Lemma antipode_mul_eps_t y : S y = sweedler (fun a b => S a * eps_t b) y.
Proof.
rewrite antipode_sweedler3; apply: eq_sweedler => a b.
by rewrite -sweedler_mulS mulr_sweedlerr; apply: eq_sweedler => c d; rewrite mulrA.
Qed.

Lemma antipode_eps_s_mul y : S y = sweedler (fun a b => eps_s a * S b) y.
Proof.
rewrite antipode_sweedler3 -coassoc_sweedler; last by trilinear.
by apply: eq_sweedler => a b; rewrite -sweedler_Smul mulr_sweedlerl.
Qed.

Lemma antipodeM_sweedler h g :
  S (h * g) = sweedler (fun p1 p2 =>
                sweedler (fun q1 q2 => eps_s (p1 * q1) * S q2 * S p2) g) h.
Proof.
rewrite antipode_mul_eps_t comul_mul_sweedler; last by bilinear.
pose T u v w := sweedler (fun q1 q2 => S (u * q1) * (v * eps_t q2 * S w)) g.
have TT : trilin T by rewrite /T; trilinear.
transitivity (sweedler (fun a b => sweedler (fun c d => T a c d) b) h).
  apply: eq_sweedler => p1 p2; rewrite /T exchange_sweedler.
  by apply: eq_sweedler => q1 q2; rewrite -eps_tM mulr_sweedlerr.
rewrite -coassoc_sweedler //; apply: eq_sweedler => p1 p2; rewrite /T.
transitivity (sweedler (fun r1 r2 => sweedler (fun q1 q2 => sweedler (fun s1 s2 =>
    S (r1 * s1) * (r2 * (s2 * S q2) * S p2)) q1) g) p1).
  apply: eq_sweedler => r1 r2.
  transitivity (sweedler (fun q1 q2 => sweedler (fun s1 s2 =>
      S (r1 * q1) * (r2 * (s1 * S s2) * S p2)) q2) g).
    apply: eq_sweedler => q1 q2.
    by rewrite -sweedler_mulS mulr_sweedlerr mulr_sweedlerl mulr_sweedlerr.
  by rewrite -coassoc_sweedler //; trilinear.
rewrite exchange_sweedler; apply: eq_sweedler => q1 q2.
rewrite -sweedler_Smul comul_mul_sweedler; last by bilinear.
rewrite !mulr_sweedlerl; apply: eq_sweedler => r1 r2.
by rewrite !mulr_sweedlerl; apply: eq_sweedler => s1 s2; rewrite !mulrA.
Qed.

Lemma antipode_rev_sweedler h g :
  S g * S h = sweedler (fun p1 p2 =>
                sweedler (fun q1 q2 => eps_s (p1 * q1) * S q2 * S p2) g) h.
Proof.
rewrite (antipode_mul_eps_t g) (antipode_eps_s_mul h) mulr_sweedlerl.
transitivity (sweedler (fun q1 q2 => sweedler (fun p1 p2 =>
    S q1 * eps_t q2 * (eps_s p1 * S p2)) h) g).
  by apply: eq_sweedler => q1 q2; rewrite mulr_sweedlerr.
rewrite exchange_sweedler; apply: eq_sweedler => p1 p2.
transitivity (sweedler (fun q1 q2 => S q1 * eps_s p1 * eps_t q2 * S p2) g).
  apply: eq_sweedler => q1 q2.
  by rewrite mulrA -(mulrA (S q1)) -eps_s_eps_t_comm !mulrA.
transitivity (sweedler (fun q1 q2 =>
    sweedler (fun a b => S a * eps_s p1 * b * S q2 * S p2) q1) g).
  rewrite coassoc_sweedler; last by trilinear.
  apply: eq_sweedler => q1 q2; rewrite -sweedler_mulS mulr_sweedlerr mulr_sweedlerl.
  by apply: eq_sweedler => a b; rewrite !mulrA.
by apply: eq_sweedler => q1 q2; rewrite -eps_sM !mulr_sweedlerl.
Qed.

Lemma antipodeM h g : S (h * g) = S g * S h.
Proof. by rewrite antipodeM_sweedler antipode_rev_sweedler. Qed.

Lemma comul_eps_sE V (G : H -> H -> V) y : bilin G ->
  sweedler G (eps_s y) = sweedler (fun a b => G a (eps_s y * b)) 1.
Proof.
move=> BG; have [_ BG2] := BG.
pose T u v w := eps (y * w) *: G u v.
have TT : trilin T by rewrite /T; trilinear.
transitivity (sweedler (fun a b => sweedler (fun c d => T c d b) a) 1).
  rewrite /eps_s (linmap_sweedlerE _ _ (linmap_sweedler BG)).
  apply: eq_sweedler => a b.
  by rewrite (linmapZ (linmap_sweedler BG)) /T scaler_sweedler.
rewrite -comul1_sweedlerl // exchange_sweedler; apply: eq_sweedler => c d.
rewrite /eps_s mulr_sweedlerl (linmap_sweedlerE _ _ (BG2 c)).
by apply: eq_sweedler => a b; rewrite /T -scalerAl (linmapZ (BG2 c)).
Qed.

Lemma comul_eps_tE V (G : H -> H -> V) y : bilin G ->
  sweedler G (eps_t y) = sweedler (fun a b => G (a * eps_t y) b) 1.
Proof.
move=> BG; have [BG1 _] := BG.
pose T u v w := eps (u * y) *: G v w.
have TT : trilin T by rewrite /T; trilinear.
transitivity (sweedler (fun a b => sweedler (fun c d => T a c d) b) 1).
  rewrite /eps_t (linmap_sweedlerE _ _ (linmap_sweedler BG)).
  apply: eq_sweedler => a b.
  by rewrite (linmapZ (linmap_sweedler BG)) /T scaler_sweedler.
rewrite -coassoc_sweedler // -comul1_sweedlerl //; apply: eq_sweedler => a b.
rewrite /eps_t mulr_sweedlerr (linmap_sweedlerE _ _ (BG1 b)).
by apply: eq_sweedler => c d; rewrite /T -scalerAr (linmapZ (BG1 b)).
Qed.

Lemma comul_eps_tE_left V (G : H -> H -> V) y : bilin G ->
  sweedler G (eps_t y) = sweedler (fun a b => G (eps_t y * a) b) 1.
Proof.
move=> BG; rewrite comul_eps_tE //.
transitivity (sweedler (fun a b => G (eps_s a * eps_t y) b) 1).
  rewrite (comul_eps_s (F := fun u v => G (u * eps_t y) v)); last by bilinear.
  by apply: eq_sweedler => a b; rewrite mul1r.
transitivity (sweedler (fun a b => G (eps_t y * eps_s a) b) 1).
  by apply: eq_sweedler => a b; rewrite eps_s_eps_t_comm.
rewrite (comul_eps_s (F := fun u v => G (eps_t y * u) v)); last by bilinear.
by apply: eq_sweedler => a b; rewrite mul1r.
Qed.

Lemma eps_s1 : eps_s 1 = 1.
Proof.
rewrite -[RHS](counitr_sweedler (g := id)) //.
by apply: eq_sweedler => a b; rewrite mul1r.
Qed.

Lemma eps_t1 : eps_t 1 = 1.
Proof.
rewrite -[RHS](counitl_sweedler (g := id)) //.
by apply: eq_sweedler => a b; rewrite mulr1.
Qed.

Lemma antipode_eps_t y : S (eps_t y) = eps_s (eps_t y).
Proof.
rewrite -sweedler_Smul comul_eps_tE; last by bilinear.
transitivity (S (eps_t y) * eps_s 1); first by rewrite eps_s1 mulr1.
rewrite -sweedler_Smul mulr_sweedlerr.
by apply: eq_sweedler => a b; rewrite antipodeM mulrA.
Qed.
════════════════════
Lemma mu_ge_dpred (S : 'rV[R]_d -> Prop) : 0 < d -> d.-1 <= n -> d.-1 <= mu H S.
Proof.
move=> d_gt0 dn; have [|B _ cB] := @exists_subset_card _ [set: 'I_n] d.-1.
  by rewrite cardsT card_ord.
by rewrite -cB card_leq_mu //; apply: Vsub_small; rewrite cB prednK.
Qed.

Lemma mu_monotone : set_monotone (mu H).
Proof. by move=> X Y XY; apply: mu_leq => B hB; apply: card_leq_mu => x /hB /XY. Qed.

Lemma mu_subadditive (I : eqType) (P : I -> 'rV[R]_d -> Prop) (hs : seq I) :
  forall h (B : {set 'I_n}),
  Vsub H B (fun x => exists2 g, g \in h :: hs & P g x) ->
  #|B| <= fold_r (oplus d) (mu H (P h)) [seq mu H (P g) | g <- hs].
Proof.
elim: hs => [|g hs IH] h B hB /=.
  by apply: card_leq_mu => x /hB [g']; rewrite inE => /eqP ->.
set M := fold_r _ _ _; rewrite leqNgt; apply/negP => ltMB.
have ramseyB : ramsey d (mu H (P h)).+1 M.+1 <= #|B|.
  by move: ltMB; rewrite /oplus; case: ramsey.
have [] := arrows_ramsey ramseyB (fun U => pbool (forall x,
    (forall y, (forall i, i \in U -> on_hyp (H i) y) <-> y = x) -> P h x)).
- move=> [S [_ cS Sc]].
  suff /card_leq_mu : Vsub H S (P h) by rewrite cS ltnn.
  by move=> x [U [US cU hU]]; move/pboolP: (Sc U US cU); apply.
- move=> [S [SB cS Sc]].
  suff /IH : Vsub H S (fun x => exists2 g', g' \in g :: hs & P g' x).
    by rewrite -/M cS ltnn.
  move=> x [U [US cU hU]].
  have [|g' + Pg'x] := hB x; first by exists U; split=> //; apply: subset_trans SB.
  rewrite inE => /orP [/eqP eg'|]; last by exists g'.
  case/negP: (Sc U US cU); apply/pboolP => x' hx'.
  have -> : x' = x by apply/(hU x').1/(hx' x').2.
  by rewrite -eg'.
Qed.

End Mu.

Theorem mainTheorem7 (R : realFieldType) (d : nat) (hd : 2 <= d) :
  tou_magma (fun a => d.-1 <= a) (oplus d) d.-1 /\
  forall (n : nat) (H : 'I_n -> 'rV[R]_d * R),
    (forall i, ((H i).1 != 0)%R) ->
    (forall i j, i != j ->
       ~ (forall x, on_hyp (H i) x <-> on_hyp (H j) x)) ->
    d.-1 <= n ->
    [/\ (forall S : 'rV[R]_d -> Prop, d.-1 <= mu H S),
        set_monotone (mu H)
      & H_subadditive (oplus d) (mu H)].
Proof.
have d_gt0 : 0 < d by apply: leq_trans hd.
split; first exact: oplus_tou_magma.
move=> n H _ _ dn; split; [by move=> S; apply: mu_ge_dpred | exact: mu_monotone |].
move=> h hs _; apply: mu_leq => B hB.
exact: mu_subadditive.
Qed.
════════════════════
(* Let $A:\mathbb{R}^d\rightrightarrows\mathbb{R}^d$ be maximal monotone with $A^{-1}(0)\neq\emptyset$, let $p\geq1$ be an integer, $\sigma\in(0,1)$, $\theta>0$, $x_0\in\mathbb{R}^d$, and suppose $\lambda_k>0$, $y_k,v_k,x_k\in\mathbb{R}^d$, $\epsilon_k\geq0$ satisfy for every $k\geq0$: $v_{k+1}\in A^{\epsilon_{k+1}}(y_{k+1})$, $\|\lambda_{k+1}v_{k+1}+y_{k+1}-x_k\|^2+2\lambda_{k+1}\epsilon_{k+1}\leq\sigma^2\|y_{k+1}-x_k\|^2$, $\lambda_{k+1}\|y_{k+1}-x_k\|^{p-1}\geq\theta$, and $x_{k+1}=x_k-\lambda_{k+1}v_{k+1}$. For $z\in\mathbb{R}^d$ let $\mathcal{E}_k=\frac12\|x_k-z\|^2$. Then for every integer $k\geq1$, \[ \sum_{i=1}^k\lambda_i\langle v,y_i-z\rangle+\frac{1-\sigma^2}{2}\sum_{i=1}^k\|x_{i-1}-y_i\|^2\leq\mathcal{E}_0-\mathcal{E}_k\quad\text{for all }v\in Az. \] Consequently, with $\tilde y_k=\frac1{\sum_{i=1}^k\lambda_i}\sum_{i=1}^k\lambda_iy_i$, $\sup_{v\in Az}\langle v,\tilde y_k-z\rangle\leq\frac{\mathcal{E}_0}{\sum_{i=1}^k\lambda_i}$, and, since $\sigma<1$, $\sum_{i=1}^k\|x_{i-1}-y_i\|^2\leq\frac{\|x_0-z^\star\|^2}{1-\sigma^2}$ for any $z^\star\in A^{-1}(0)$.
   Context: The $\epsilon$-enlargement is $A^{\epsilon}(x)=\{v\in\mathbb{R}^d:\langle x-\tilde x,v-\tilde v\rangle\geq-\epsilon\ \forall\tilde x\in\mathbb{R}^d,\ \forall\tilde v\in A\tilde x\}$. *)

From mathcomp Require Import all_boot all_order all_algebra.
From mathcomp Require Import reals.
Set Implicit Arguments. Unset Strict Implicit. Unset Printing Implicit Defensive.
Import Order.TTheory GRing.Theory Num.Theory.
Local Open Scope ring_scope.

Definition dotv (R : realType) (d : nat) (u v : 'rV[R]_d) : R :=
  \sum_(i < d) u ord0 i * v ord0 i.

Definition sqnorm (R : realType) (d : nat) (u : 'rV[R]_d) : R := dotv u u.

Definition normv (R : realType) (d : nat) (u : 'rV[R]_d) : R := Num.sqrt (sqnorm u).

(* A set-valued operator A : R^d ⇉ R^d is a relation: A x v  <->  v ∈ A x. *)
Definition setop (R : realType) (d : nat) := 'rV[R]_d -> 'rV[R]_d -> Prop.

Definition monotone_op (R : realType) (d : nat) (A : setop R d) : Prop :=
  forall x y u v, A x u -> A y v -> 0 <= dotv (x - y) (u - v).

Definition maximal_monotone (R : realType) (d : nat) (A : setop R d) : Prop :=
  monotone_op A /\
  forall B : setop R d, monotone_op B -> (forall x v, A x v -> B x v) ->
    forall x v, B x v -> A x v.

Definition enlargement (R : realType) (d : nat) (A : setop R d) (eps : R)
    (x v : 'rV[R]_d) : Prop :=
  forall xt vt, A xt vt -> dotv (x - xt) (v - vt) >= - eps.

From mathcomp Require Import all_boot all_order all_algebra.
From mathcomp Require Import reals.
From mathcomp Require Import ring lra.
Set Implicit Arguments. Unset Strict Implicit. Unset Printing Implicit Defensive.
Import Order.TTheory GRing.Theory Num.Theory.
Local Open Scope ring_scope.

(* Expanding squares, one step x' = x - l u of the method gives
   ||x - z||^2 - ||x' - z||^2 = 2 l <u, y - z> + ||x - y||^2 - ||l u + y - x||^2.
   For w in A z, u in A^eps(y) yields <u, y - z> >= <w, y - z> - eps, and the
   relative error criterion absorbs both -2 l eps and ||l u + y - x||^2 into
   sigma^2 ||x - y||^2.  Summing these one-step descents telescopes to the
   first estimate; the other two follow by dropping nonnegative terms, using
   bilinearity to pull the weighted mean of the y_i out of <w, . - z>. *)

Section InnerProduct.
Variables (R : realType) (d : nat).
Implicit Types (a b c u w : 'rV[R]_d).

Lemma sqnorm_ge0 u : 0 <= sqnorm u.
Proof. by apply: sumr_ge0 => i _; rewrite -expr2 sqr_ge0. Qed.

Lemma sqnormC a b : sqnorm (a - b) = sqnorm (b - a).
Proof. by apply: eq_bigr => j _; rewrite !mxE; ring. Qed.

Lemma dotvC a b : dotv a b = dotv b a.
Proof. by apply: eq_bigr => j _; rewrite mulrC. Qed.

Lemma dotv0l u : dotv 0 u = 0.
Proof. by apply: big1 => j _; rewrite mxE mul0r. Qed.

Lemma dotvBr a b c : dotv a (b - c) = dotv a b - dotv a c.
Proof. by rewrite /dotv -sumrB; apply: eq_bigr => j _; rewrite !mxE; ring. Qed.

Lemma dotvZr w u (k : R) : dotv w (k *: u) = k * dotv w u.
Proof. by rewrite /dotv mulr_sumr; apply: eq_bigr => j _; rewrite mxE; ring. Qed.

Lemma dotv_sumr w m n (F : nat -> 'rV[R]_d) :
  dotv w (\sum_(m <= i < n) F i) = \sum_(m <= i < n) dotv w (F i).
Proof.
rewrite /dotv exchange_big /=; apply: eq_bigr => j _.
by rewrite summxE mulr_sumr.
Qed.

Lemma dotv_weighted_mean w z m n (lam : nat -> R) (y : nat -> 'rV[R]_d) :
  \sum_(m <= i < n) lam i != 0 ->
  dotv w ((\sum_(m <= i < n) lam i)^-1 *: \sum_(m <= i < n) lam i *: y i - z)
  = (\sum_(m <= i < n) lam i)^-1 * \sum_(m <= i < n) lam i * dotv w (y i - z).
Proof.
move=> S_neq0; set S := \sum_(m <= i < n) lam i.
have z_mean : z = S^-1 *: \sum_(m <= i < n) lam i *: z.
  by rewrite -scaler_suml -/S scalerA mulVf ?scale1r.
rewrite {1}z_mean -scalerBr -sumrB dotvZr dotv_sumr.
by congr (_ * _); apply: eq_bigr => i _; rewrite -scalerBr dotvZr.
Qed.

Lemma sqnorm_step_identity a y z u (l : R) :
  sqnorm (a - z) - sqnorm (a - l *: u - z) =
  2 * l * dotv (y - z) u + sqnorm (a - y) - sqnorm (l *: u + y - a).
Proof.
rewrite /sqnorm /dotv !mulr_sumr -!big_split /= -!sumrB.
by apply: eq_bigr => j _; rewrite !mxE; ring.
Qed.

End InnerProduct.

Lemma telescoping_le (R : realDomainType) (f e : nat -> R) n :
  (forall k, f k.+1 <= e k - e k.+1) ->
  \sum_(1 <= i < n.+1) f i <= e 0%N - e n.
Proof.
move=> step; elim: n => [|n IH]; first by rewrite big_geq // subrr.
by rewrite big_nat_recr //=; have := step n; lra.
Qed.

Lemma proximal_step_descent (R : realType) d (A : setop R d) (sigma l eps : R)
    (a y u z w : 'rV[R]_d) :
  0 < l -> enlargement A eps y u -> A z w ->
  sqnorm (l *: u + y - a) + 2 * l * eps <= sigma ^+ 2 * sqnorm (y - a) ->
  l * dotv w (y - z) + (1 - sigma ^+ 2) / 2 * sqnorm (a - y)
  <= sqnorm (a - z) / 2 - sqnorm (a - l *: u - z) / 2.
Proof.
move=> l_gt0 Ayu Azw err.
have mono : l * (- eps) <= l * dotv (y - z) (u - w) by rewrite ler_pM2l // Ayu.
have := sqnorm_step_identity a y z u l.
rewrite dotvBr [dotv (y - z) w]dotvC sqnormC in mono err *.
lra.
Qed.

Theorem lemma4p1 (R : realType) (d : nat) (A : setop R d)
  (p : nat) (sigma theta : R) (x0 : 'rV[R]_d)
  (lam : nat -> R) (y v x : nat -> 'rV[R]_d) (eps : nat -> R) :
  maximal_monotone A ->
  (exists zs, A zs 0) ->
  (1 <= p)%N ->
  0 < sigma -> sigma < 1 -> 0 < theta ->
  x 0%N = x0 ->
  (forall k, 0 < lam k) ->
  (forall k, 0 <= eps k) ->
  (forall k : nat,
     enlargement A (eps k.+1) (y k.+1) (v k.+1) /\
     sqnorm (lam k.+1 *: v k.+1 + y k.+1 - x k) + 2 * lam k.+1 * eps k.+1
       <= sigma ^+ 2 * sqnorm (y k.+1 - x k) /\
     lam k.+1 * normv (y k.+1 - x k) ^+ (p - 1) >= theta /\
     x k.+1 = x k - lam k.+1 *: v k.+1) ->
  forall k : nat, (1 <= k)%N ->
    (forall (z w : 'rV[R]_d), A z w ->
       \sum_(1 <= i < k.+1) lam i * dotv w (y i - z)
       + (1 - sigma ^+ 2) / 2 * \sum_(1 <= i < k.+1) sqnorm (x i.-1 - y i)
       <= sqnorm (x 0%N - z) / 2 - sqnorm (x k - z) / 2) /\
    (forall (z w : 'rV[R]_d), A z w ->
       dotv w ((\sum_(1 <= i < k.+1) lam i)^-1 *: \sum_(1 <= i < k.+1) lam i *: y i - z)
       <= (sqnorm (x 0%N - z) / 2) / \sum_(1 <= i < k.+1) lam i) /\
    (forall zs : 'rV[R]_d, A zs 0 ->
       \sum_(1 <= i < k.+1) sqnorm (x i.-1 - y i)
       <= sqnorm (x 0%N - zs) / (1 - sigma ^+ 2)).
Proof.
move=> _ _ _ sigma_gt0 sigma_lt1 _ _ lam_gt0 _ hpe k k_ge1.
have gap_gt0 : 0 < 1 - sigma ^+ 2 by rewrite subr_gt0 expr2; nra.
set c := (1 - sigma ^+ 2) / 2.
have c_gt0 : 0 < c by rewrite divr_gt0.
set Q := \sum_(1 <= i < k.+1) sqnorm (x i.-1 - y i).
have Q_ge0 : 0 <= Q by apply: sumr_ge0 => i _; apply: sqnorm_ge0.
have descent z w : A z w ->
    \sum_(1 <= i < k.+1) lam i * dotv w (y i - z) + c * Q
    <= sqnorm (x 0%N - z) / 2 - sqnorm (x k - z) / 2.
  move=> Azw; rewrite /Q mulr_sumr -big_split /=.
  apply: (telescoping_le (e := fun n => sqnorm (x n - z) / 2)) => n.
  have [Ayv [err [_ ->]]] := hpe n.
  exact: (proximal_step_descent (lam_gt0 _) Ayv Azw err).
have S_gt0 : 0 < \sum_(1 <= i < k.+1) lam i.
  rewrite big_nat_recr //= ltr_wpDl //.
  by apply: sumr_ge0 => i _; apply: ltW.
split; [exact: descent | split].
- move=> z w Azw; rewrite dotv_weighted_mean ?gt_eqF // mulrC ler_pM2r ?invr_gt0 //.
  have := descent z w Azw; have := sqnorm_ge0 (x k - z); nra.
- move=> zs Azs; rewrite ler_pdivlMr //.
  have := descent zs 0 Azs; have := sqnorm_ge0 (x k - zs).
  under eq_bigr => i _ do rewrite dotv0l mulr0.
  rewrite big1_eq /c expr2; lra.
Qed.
════════════════════
Task objective:
State the count of lines in the preceding listing that include the string "setop". No other words belong in the answer.

Your solution:
7